- **How to complete this task**
Output all of the entries exactly as they are given.

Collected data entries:
───

Theorem lemma1 (R : realType) (c eta0 : R) (hc : 0 < c) (heta0 : 0 < eta0) :
  (* (i) *)
  (exists M : R, forall z1 z2 : R -> R[i], admissible z1 z2 ->
     exists D : R -> R[i], C1_on_Rplus (PsiInt c z1 z2) D /\
       (forall l : R, 0 <= l <= eta0 -> normc (D l) <= M)) /\
  (* (ii) *)
  (exists K : R, 0 < K /\
     forall z1 z2 zt1 zt2 : R -> R[i], admissible z1 z2 -> admissible zt1 zt2 ->
     (* finite W >= 1; delta is any upper bound of
        max_i sup_{w in [-W,W]} |z_i w - zt_i w| *)
     (forall (W delta : R), 1 <= W ->
        (forall w : R, - W <= w <= W ->
           normc (z1 w - zt1 w) <= delta /\ normc (z2 w - zt2 w) <= delta) ->
        forall l : R, 0 <= l <= eta0 ->
          normc (PsiInt c z1 z2 l - PsiInt c zt1 zt2 l) <= K * (delta + W^-1)) /\
     (* W = infinity *)
     (forall delta : R,
        (forall w : R,
           normc (z1 w - zt1 w) <= delta /\ normc (z2 w - zt2 w) <= delta) ->
        forall l : R, 0 <= l <= eta0 ->
          normc (PsiInt c z1 z2 l - PsiInt c zt1 zt2 l) <= K * delta)).
Proof.
split.
  exists (4 * (3 * c^-1 * growth c eta0 ^+ 2)) => z1 z2 adm.
  exists (DPsiInt c z1 z2); split; first exact: PsiInt_C1.
  by move=> l; exact: normc_DPsiInt_le.
exists (lipschitz_const c eta0); split; first exact/lipschitz_const_gt0/ltW.
move=> z1 z2 zt1 zt2 adm admt; split.
  by move=> W d W1 hd l; exact: PsiInt_sub_window.
by move=> d hd l; exact: PsiInt_sub_le.
Qed.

───

- **Answer box**
Theorem lemma1 (R : realType) (c eta0 : R) (hc : 0 < c) (heta0 : 0 < eta0) :
  (* (i) *)
  (exists M : R, forall z1 z2 : R -> R[i], admissible z1 z2 ->
     exists D : R -> R[i], C1_on_Rplus (PsiInt c z1 z2) D /\
       (forall l : R, 0 <= l <= eta0 -> normc (D l) <= M)) /\
  (* (ii) *)
  (exists K : R, 0 < K /\
     forall z1 z2 zt1 zt2 : R -> R[i], admissible z1 z2 -> admissible zt1 zt2 ->
     (* finite W >= 1; delta is any upper bound of
        max_i sup_{w in [-W,W]} |z_i w - zt_i w| *)
     (forall (W delta : R), 1 <= W ->
        (forall w : R, - W <= w <= W ->
           normc (z1 w - zt1 w) <= delta /\ normc (z2 w - zt2 w) <= delta) ->
        forall l : R, 0 <= l <= eta0 ->
          normc (PsiInt c z1 z2 l - PsiInt c zt1 zt2 l) <= K * (delta + W^-1)) /\
     (* W = infinity *)
     (forall delta : R,
        (forall w : R,
           normc (z1 w - zt1 w) <= delta /\ normc (z2 w - zt2 w) <= delta) ->
        forall l : R, 0 <= l <= eta0 ->
          normc (PsiInt c z1 z2 l - PsiInt c zt1 zt2 l) <= K * delta)).
Proof.
split.
  exists (4 * (3 * c^-1 * growth c eta0 ^+ 2)) => z1 z2 adm.
  exists (DPsiInt c z1 z2); split; first exact: PsiInt_C1.
  by move=> l; exact: normc_DPsiInt_le.
exists (lipschitz_const c eta0); split; first exact/lipschitz_const_gt0/ltW.
move=> z1 z2 zt1 zt2 adm admt; split.
  by move=> W d W1 hd l; exact: PsiInt_sub_window.
by move=> d hd l; exact: PsiInt_sub_le.
Qed.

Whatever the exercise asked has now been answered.